▸ **TASK INSTRUCTIONS**: Wherever the string "Hadj" appears in the entries below, return the line that holds it.

:: MATERIAL SHOWN ::

Definition is_L_asymptotic_limit {H : CHilbert} (T Tstar : H -> H)
    (L : (nat -> R) -> R) (A : H -> H) : Prop :=
  bounded_op A /\
  forall x y, inner (A x) y = C_Llim L (fun n => inner (op_pow Tstar n (op_pow T n x)) y).

Definition is_asymptotic_limit {H : CHilbert} (T Tstar : H -> H) (A : H -> H) : Prop :=
  bounded_op A /\
  forall x, forall eps, eps > 0 -> exists N, forall n, (n >= N)%nat ->
    vnorm (vadd (op_pow Tstar n (op_pow T n x)) (vopp (A x))) < eps.

Definition nonzero_op {H : CHilbert} (A : H -> H) : Prop := exists x, A x <> vzero.

From Stdlib Require Import Reals Lra Psatz FunctionalExtensionality.
Open Scope R_scope.

(* Let q(z) = Re <A z, z>.  In both cases q is T-invariant (shift invariance of
   the Banach limit, resp. of ordinary limits), so
   q(z) = q(T^n z) <= ||A|| ||T^n z||^2 for every n, and passing to the limit
   gives q(z) <= ||A|| q(z).  Cauchy-Schwarz for the positive form q shows that
   q(z) > 0 for some z as soon as A <> 0, whence ||A|| >= 1.  For a contraction,
   ||T^n z|| <= ||z|| gives q(z) <= ||z||^2, and Cauchy-Schwarz for q again
   yields ||A z||^4 <= q(z) q(A z) <= ||z||^2 ||A z||^2, i.e. ||A|| <= 1. *)

Definition Creal (s : R) : Cplx := mkC s 0.

Definition sqnorm {H : CHilbert} (a : H) : R := re (inner a a).

Section RealInner.

Context {H : CHilbert}.

Lemma re_inner_addl (a b c : H) :
  re (inner (vadd a b) c) = re (inner a c) + re (inner b c).
Proof. now rewrite inner_addl. Qed.

Lemma re_inner_scall s (a c : H) :
  re (inner (vscal (Creal s) a) c) = s * re (inner a c).
Proof. rewrite inner_scall. simpl. ring. Qed.

Lemma re_inner_sym (a b : H) : re (inner a b) = re (inner b a).
Proof. now rewrite (inner_conj H b a). Qed.

Lemma re_inner_zero_l (y : H) : re (inner vzero y) = 0.
Proof.
  pose proof (re_inner_addl vzero vzero y) as E. rewrite vadd_zero in E. lra.
Qed.

Lemma re_inner_opp_l (v y : H) : re (inner (vopp v) y) = - re (inner v y).
Proof.
  pose proof (re_inner_addl v (vopp v) y) as E.
  rewrite vadd_opp, re_inner_zero_l in E. lra.
Qed.

Lemma im_inner_self (a : H) : im (inner a a) = 0.
Proof. pose proof (f_equal im (inner_conj H a a)) as E. simpl in E. lra. Qed.

Lemma sqnorm_ge0 (a : H) : 0 <= sqnorm a.
Proof. apply inner_pos. Qed.

Lemma sqnorm_eq0 (a : H) : sqnorm a = 0 -> a = vzero.
Proof.
  unfold sqnorm. intro E. apply inner_def.
  destruct (inner a a) as [x y] eqn:Eaa. simpl in E. subst x.
  pose proof (im_inner_self a) as Im. rewrite Eaa in Im. simpl in Im. now subst y.
Qed.

Lemma vnorm_ge0 (a : H) : 0 <= vnorm a.
Proof. apply sqrt_pos. Qed.

Lemma sqnorm_vnorm (a : H) : sqnorm a = vnorm a * vnorm a.
Proof. unfold vnorm. now rewrite sqrt_sqrt by apply inner_pos. Qed.

Lemma sqnorm_le_of_vnorm_le (a : H) r : vnorm a <= r -> sqnorm a <= r * r.
Proof. intro Ha. rewrite sqnorm_vnorm. pose proof (vnorm_ge0 a). nra. Qed.

Lemma vnorm_le_of_sqnorm_le (a b : H) : sqnorm a <= sqnorm b -> vnorm a <= vnorm b.
Proof. intro Hab. now apply sqrt_le_1_alt. Qed.

Lemma vnorm_zero : vnorm (@vzero H) = 0.
Proof. unfold vnorm. now rewrite re_inner_zero_l, sqrt_0. Qed.

Lemma sqnorm_scal c (a : H) : sqnorm (vscal (Creal c) a) = c * c * sqnorm a.
Proof. unfold sqnorm. rewrite re_inner_scall, re_inner_sym, re_inner_scall. ring. Qed.

End RealInner.

Lemma quadratic_nonneg_discriminant (a b c : R) :
  0 <= a -> (forall s, 0 <= a * s * s + 2 * b * s + c) -> b * b <= a * c.
Proof.
  intros Ha Hs. destruct (Req_dec a 0) as [Ea|Ea].
  - subst a. destruct (Req_dec b 0) as [Eb|Eb]; [subst; lra|].
    specialize (Hs (- (c + 1) / (2 * b))).
    assert (2 * b * (- (c + 1) / (2 * b)) = - (c + 1)) by (field; auto). nra.
  - specialize (Hs (- b / a)).
    assert (a * (- b / a) * (- b / a) + 2 * b * (- b / a) = - (b * b / a))
      by (field; auto).
    assert (b * b / a * a = b * b) by (field; auto). nra.
Qed.

Lemma form_Cauchy_Schwarz (H : CHilbert) (g : H -> H -> R) :
  (forall a b c, g (vadd a b) c = g a c + g b c) ->
  (forall s a c, g (vscal (Creal s) a) c = s * g a c) ->
  (forall a b, g a b = g b a) ->
  (forall a, 0 <= g a a) ->
  forall a b, g a b * g a b <= g a a * g b b.
Proof.
  intros gaddl gscall gsym gpos a b.
  apply quadratic_nonneg_discriminant; [apply gpos|]. intro s.
  pose proof (gpos (vadd (vscal (Creal s) a) b)) as P.
  rewrite gaddl, !gscall, (gsym a), (gsym b), !gaddl, !gscall, (gsym b a) in P.
  nra.
Qed.

Lemma re_inner_Cauchy_Schwarz (H : CHilbert) (a b : H) :
  re (inner a b) * re (inner a b) <= sqnorm a * sqnorm b.
Proof.
  apply (form_Cauchy_Schwarz H (fun a b => re (inner a b))).
  - apply re_inner_addl.
  - apply re_inner_scall.
  - apply re_inner_sym.
  - apply inner_pos.
Qed.

Lemma Rabs_re_inner_le (H : CHilbert) (a b : H) :
  Rabs (re (inner a b)) <= vnorm a * vnorm b.
Proof.
  apply Rsqr_incr_0_var.
  - rewrite <- Rsqr_abs. unfold Rsqr.
    replace (vnorm a * vnorm b * (vnorm a * vnorm b))
      with (sqnorm a * sqnorm b) by (rewrite !sqnorm_vnorm; ring).
    apply re_inner_Cauchy_Schwarz.
  - apply Rmult_le_pos; apply vnorm_ge0.
Qed.

Definition qform {H : CHilbert} (A : H -> H) (z : H) : R := re (inner (A z) z).

Lemma op_norm_ge0 (H : CHilbert) (A : H -> H) r : op_norm_is A r -> 0 <= r.
Proof.
  intros [Hub _]. apply Rle_trans with (vnorm (A vzero)); [apply vnorm_ge0|].
  apply Hub. exists vzero. rewrite vnorm_zero. split; [lra | reflexivity].
Qed.

Lemma sqnorm_apply_le (H : CHilbert) (A : H -> H) r (y : H) :
  (forall a x, A (vscal a x) = vscal a (A x)) -> op_norm_is A r ->
  0 < sqnorm y -> sqnorm (A y) <= r * r * sqnorm y.
Proof.
  intros Ascal [Hub _] Hy.
  set (c := / vnorm y).
  assert (Hvy : 0 < vnorm y) by (unfold vnorm; now apply sqrt_lt_R0).
  assert (Hc : c * c * sqnorm y = 1).
  { unfold c. rewrite sqnorm_vnorm. field. lra. }
  assert (Hunit : vnorm (vscal (Creal c) y) <= 1).
  { unfold vnorm. fold (sqnorm (vscal (Creal c) y)).
    rewrite sqnorm_scal, Hc, sqrt_1; apply Rle_refl. }
  assert (HA : sqnorm (vscal (Creal c) (A y)) <= r * r).
  { apply sqnorm_le_of_vnorm_le. rewrite <- Ascal. apply Hub. eauto. }
  rewrite sqnorm_scal in HA.
  rewrite <- (Rmult_1_l (sqnorm (A y))), <- Hc. nra.
Qed.

Lemma qform_le_op_norm (H : CHilbert) (A : H -> H) r (y : H) :
  (forall a x, A (vscal a x) = vscal a (A x)) -> op_norm_is A r ->
  qform A y <= r * sqnorm y.
Proof.
  intros Ascal Hr. unfold qform.
  pose proof (re_inner_Cauchy_Schwarz H (A y) y) as CS.
  destruct (sqnorm_ge0 y) as [Hy|Hy].
  - apply Rsqr_incr_0_var.
    + unfold Rsqr. eapply Rle_trans; [exact CS|].
      replace (r * sqnorm y * (r * sqnorm y)) with (r * r * sqnorm y * sqnorm y) by ring.
      apply Rmult_le_compat_r; [lra|]. now apply sqnorm_apply_le.
    + apply Rmult_le_pos; [exact (op_norm_ge0 H A r Hr) | lra].
  - rewrite <- Hy, Rmult_0_r in *. nra.
Qed.

Section PositiveOperator.

Variables (H : CHilbert) (A : H -> H).
Hypothesis A_linear : is_linear A.
Hypothesis A_sym : forall x y, re (inner (A x) y) = re (inner (A y) x).
Hypothesis A_pos : forall z, 0 <= qform A z.

Lemma qform_Cauchy_Schwarz (a b : H) :
  re (inner (A a) b) * re (inner (A a) b) <= qform A a * qform A b.
Proof.
  destruct A_linear as [Aadd Ascal].
  apply (form_Cauchy_Schwarz H (fun a b => re (inner (A a) b))); auto.
  - intros. rewrite Aadd. apply re_inner_addl.
  - intros. rewrite Ascal. apply re_inner_scall.
Qed.

Lemma sqnorm_apply_sq_le (x : H) :
  sqnorm (A x) * sqnorm (A x) <= qform A x * qform A (A x).
Proof. apply qform_Cauchy_Schwarz. Qed.

Lemma qform_pos_of_nonzero : nonzero_op A -> exists x, 0 < qform A x.
Proof.
  intros [x Hx]. exists x.
  assert (HAx : 0 < sqnorm (A x)).
  { destruct (sqnorm_ge0 (A x)) as [h|h]; [exact h|].
    now contradict Hx; apply sqnorm_eq0. }
  pose proof (sqnorm_apply_sq_le x). pose proof (A_pos (A x)).
  destruct (A_pos x) as [h|h]; [exact h|]. rewrite <- h in *. nra.
Qed.

Lemma sqnorm_apply_le_of_qform_le (x : H) :
  (forall z, qform A z <= sqnorm z) -> sqnorm (A x) <= sqnorm x.
Proof.
  intro Hle.
  pose proof (sqnorm_apply_sq_le x) as CS.
  pose proof (Hle x). pose proof (Hle (A x)). pose proof (A_pos x).
  pose proof (A_pos (A x)). pose proof (sqnorm_ge0 x).
  destruct (sqnorm_ge0 (A x)) as [h|h]; [|rewrite <- h; lra].
  assert (sqnorm (A x) * sqnorm (A x) <= sqnorm x * sqnorm (A x)).
  { eapply Rle_trans; [exact CS|].
    apply Rmult_le_compat; lra. }
  nra.
Qed.

Lemma op_norm_le1_of_qform_le_sqnorm r :
  (forall z, qform A z <= sqnorm z) -> op_norm_is A r -> r <= 1.
Proof.
  intros Hle [_ Hlub]. apply Hlub. intros t [x [Hx ->]].
  eapply Rle_trans; [|exact Hx].
  now apply vnorm_le_of_sqnorm_le, sqnorm_apply_le_of_qform_le.
Qed.

Lemma op_norm_ge1_of_invariant_qform (T : H -> H) r :
  (forall z, qform A (T z) = qform A z) ->
  (forall x c, (forall n, c <= sqnorm (op_pow T n x)) -> c <= qform A x) ->
  nonzero_op A -> op_norm_is A r -> 1 <= r.
Proof.
  intros Hinv Hlower Hnz Hr.
  destruct (qform_pos_of_nonzero Hnz) as [x Hx].
  assert (Hpow : forall n z, qform A (op_pow T n z) = qform A z).
  { induction n as [|n IH]; intro z; [reflexivity|].
    change (op_pow T (S n) z) with (T (op_pow T n z)). now rewrite Hinv. }
  assert (Hbound : forall n, qform A x <= r * sqnorm (op_pow T n x)).
  { intro n. rewrite <- (Hpow n x). apply qform_le_op_norm; [apply A_linear | exact Hr]. }
  assert (Hr0 : 0 < r).
  { pose proof (Hbound 0%nat). pose proof (sqnorm_ge0 x). simpl in *. nra. }
  assert (Hlim : qform A x / r <= qform A x).
  { apply Hlower. intro n. apply Rmult_le_reg_l with r; [exact Hr0|].
    field_simplify; [apply Hbound | lra]. }
  apply Rmult_le_reg_l with (qform A x / r); [now apply Rdiv_lt_0_compat|].
  replace (qform A x / r * r) with (qform A x) by (field; lra). lra.
Qed.

End PositiveOperator.

Definition orbit_gram {H : CHilbert} (T : H -> H) (x y : H) (n : nat) : R :=
  re (inner (op_pow T n x) (op_pow T n y)).

Lemma op_pow_succ_r (H : CHilbert) (T : H -> H) n z :
  op_pow T n (T z) = op_pow T (S n) z.
Proof. unfold op_pow. now rewrite Nat.iter_succ_r. Qed.

Lemma orbit_gram_sym (H : CHilbert) (T : H -> H) x y :
  orbit_gram T x y = orbit_gram T y x.
Proof. apply functional_extensionality. intro n. apply re_inner_sym. Qed.

Lemma orbit_gram_apply (H : CHilbert) (T : H -> H) x y :
  orbit_gram T (T x) (T y) = fun n => orbit_gram T x y (S n).
Proof.
  apply functional_extensionality. intro n. unfold orbit_gram.
  now rewrite !op_pow_succ_r.
Qed.

Lemma inner_adjoint_pow (H : CHilbert) (T Tstar : H -> H) :
  is_adjoint T Tstar ->
  forall n u z, inner (op_pow Tstar n u) z = inner u (op_pow T n z).
Proof.
  intros Hadj n. induction n as [|n IH]; intros u z; [reflexivity|].
  change (op_pow Tstar (S n) u) with (Tstar (op_pow Tstar n u)).
  rewrite (inner_conj H z), <- Hadj, <- inner_conj, IH, op_pow_succ_r.
  reflexivity.
Qed.

Lemma re_inner_adjoint_orbit (H : CHilbert) (T Tstar : H -> H) x y n :
  is_adjoint T Tstar ->
  re (inner (op_pow Tstar n (op_pow T n x)) y) = orbit_gram T x y n.
Proof. intro Hadj. unfold orbit_gram. now rewrite (inner_adjoint_pow H T Tstar). Qed.

Lemma bounded_seq_const c : bounded_seq (fun _ => c).
Proof. exists (Rabs c). intro. lra. Qed.

Lemma bounded_seq_add u v :
  bounded_seq u -> bounded_seq v -> bounded_seq (fun n => u n + v n).
Proof.
  intros [M HM] [N HN]. exists (M + N). intro n.
  eapply Rle_trans; [apply Rabs_triang|]. now apply Rplus_le_compat.
Qed.

Lemma Un_cv_const c : Un_cv (fun _ => c) c.
Proof.
  intros eps Heps. exists 0%nat. intros. unfold R_dist.
  rewrite Rminus_diag, Rabs_R0. lra.
Qed.

Lemma banach_limit_const L c : banach_limit L -> L (fun _ => c) = c.
Proof. intros (_ & _ & _ & Llim & _). apply Llim, Un_cv_const. Qed.

Lemma banach_limit_ge L u c :
  banach_limit L -> bounded_seq u -> (forall n, c <= u n) -> c <= L u.
Proof.
  intros HL Hu Hc. pose proof HL as (Ladd & _ & _ & _ & Lpos & _).
  assert (Hsum : L (fun n => u n + - c) = L u - c).
  { rewrite Ladd by (auto using bounded_seq_const).
    rewrite (banach_limit_const L (- c) HL). ring. }
  assert (0 <= L (fun n => u n + - c)); [|lra].
  apply Lpos; [apply bounded_seq_add; auto using bounded_seq_const|].
  intro n. specialize (Hc n). lra.
Qed.

Lemma orbit_gram_bounded (H : CHilbert) (T : H -> H) x y :
  power_bounded T -> bounded_seq (orbit_gram T x y).
Proof.
  intros [_ [M HM]].
  exists (M * vnorm x * (M * vnorm y)). intro n. unfold orbit_gram.
  eapply Rle_trans; [apply Rabs_re_inner_le|].
  apply Rmult_le_compat; try apply vnorm_ge0; apply HM.
Qed.

Lemma op_norm_L_asymptotic_limit_ge1 (H : CHilbert) (T Tstar : H -> H)
    (L : (nat -> R) -> R) (A : H -> H) :
  power_bounded T -> is_adjoint T Tstar -> banach_limit L ->
  is_L_asymptotic_limit T Tstar L A -> nonzero_op A ->
  forall r, op_norm_is A r -> 1 <= r.
Proof.
  intros HT Hadj HL [[Alin _] HA] Hnz r Hr.
  pose proof HL as (_ & _ & _ & _ & Lpos & Lshift).
  assert (Lrep : forall x y, re (inner (A x) y) = L (orbit_gram T x y)).
  { intros x y. rewrite HA. simpl. f_equal. apply functional_extensionality.
    intro n. now apply re_inner_adjoint_orbit. }
  apply (op_norm_ge1_of_invariant_qform H A Alin) with (T := T); auto; unfold qform.
  - intros x y. now rewrite !Lrep, orbit_gram_sym.
  - intro z. rewrite Lrep. apply Lpos; [now apply orbit_gram_bounded|].
    intro n. apply inner_pos.
  - intro z. rewrite !Lrep, orbit_gram_apply. now apply Lshift, orbit_gram_bounded.
  - intros x c Hc. rewrite Lrep.
    apply banach_limit_ge; [exact HL | now apply orbit_gram_bounded | exact Hc].
Qed.

Lemma Un_cv_succ u l : Un_cv u l -> Un_cv (fun n => u (S n)) l.
Proof. intros Hu eps Heps. destruct (Hu eps Heps) as [N HN]. exists N. auto. Qed.

Lemma sqnorm_contraction_pow_le (H : CHilbert) (T : H -> H) :
  contraction T -> forall n z, sqnorm (op_pow T n z) <= sqnorm z.
Proof.
  intros [_ HT] n. induction n as [|n IH]; intro z; [apply Rle_refl|].
  change (op_pow T (S n) z) with (T (op_pow T n z)).
  eapply Rle_trans; [|apply IH]. rewrite !sqnorm_vnorm.
  apply Rmult_le_compat; auto using vnorm_ge0.
Qed.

:::

▸ **ANSWER FOR THIS EXERCISE**:
  intros Hadj n. induction n as [|n IH]; intros u z; [reflexivity|].
  rewrite (inner_conj H z), <- Hadj, <- inner_conj, IH, op_pow_succ_r.
Proof. intro Hadj. unfold orbit_gram. now rewrite (inner_adjoint_pow H T Tstar). Qed.
  intros HT Hadj HL [[Alin _] HA] Hnz r Hr.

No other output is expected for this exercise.